SemiparMF implements a Semiparametric Spatiotemporal Model with Mixed Frequencies.
It is designed for scenarios where the response variable (e.g., quarterly crop yield) is observed at a lower frequency than a key non-parametric predictor (e.g., monthly rainfall or NDVI), while also accounting for parametric covariates and spatial/temporal autocorrelation.
The methodology is based on the paper:
Malabanan, V. A., Lansangan, J. R. G., & Barrios, E. B. (2022). Semiparametric Spatiotemporal Model with Mixed Frequencies: With Application in Crop Forecasting. Science & Engineering Journal, 15(2), 90-107. https://scienggj.org/2022/SciEnggJ%202022-vol15-no02-p90-107-Malabanan%20et%20al.pdf
Installation
You can install the development version of SemiparMF like so:
# install.packages("devtools")
devtools::install_github("jzeuzs/SemiparMF")Example
This example demonstrates how to simulate data and fit the model using the package’s built-in tools.
library(SemiparMF)
library(sf)
#> Linking to GEOS 3.12.1, GDAL 3.8.4, PROJ 9.4.0; sf_use_s2() is TRUE
# 1. Generate synthetic data
# We simulate a 6x6 grid (36 locations) over 50 time points.

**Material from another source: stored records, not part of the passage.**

Let Cu : (1%:M - X) \in unitmx. Proof. by have [] := skew_units (Xphi_skew A). Qed.
Let Eu : (1%:M + X) \in unitmx. Proof. by have [] := skew_units (Xphi_skew A). Qed.
Let Su : (1%:M + A^T *m A) \in unitmx. Proof. exact: gram_unit. Qed.
Let Tu : (1%:M + A *m A^T) \in unitmx. Proof. by have := gram_unit A^T; rewrite trmxK. Qed.

Lemma push_through : A *m Si = Ti *m A.
Proof.
have h : A *m (1%:M + A^T *m A) = (1%:M + A *m A^T) *m A.
  by rewrite mulmxDr mulmxDl mulmx1 mul1mx mulmxA.
by rewrite -[RHS](mulmxK Su) -(mulmxA Ti) h mulKmx.
Qed.

Lemma push_through_tr : Si *m A^T = A^T *m Ti.
Proof.
apply: trmx_inj; rewrite !trmx_mul trmxK gram_sym push_through.
by have := gram_sym A^T; rewrite trmxK => ->.
Qed.

Lemma Si_gramE : Si *m A^T *m A = 1%:M - Si.
Proof.
have := mulVmx Su; rewrite mulmxDr mulmx1 => h.
by rewrite -mulmxA; apply/eqP; rewrite eq_sym subr_eq [_ + Si]addrC h.
Qed.

Lemma Ti_gramE : Ti *m A *m A^T = 1%:M - Ti.
Proof.
have := mulVmx Tu; rewrite mulmxDr mulmx1 => h.
by rewrite -mulmxA; apply/eqP; rewrite eq_sym subr_eq [_ + Ti]addrC h.
Qed.

Lemma cayley_Ipr : C *m Ipr R r q = col_mx Si (A *m Si).
Proof.
suff h : (1%:M - X) *m col_mx Si (A *m Si) = Ipr R r q by rewrite -h mulKmx.
rewrite scalar_mx_block /Xphi opp_block_mx add_block_mx mul_block_col /Ipr.
rewrite !subr0 !sub0r opprK !mul1mx mulmxA -{1}[Si]mul1mx -!mulmxDl mulmxV //.
by rewrite addNr mul0mx.
Qed.

Definition cayley := (1%:M + X) *m C.

Lemma cayley_comm : (1%:M - X) *m (1%:M + X) = (1%:M + X) *m (1%:M - X).
Proof.
have regroup (V : zmodType) (a b c : V) : a + b - (b + c) = a - b + (b - c).
  by rewrite opprD addrA addrK addrA subrK.
by rewrite mulmxBl mulmxDl !mulmxDr !mul1mx !mulmx1 !mulmxN regroup.
Qed.

Lemma cayley_orth : cayley^T *m cayley = 1%:M.
Proof.
rewrite /cayley trmx_mul trmx_inv linearB linearD /= trmx1 Xphi_skew opprK.
rewrite mulmxA -(mulmxA _ (1%:M - X)) cayley_comm mulmxA mulVmx // mul1mx.
by rewrite mulmxV.
Qed.

Variable Ad : 'M[R]_(q, r).

(* The two blocks of 2 E Xd C I_{p2 x r}, where E = (1 + X)^-1, C = (1 - X)^-1
   and Xd = X(Ad) is the skew direction: W1 is r x r, W2 is (p2 - r) x r. *)
Definition W1 := 2%:R *: (Si *m (A^T *m Ad - Ad^T *m A) *m Si).
Definition W2 := 2%:R *: (Ti *m (A *m Ad^T *m A + Ad) *m Si).

Lemma W1E : W1 = 2%:R *: (Si *m A^T *m Ad *m Si - Si *m Ad^T *m A *m Si).
Proof. by rewrite /W1 mulmxBr mulmxBl !mulmxA. Qed.

Lemma W2E : W2 = 2%:R *: (Ti *m A *m Ad^T *m A *m Si + Ti *m Ad *m Si).
Proof. by rewrite /W2 mulmxDr mulmxDl !mulmxA. Qed.

Lemma AT_W2 : A^T *m W2 =
  2%:R *: (Ad^T *m A *m Si - Si *m Ad^T *m A *m Si + Si *m A^T *m Ad *m Si).
Proof.
rewrite /W2 -scalemxAr; congr (_ *: _).
by rewrite !mulmxA -push_through_tr mulmxDr mulmxDl !mulmxA Si_gramE !mulmxBl !mul1mx.
Qed.

Lemma A_W1 : A *m W1 =
  2%:R *: (Ad *m Si - Ti *m Ad *m Si - Ti *m A *m Ad^T *m A *m Si).
Proof.
rewrite W1E -scalemxAr; congr (_ *: _).
by rewrite mulmxBr !mulmxA push_through Ti_gramE !mulmxBl !mul1mx.
Qed.

Lemma cayley_dir_blocks : 2%:R *: (E *m Xphi Ad *m C *m Ipr R r q) = col_mx W1 W2.
Proof.
suff key : (1%:M + X) *m col_mx W1 W2 = 2%:R *: (Xphi Ad *m (C *m Ipr R r q)).
  by rewrite -[RHS](mulKmx Eu) key -scalemxAr !mulmxA.
rewrite cayley_Ipr scalar_mx_block /Xphi add_block_mx !mul_block_col scale_col_mx.
rewrite !addr0 !add0r !mul1mx !mul0mx !add0r !addr0 !mulNmx.
congr col_mx.
  rewrite AT_W2 W1E -scalerBr mulmxA; congr (_ *: _).
  by rewrite opprD opprB addrC addrA addrNK addrAC subrr add0r.
by rewrite A_W1 W2E -scalerDr -addrA addKr subrK.
Qed.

# The frequency ratio is 3 (e.g., months per quarter).
set.seed(123)
sim_data <- simulate_semipar_data(n_side = 6, t_len = 50, k = 3, rho_error = 0.5)
# Inspect the data structure
head(sim_data$data)
#> Simple feature collection with 6 features and 5 fields
#> Geometry type: POLYGON
#> Dimension: XY
#> Bounding box: xmin: 0 ymin: 0 xmax: 1 ymax: 1
#> CRS: NA
#> location_id time_id Y Z W geometry
#> 1 1 1 57.58180 79.93880 55 POLYGON ((0 0, 1 0, 1 1, 0 ...
#> 2 1 2 78.72706 116.03521 59 POLYGON ((0 0, 1 0, 1 1, 0 ...
#> 3 1 3 65.18883 100.25659 48 POLYGON ((0 0, 1 0, 1 1, 0 ...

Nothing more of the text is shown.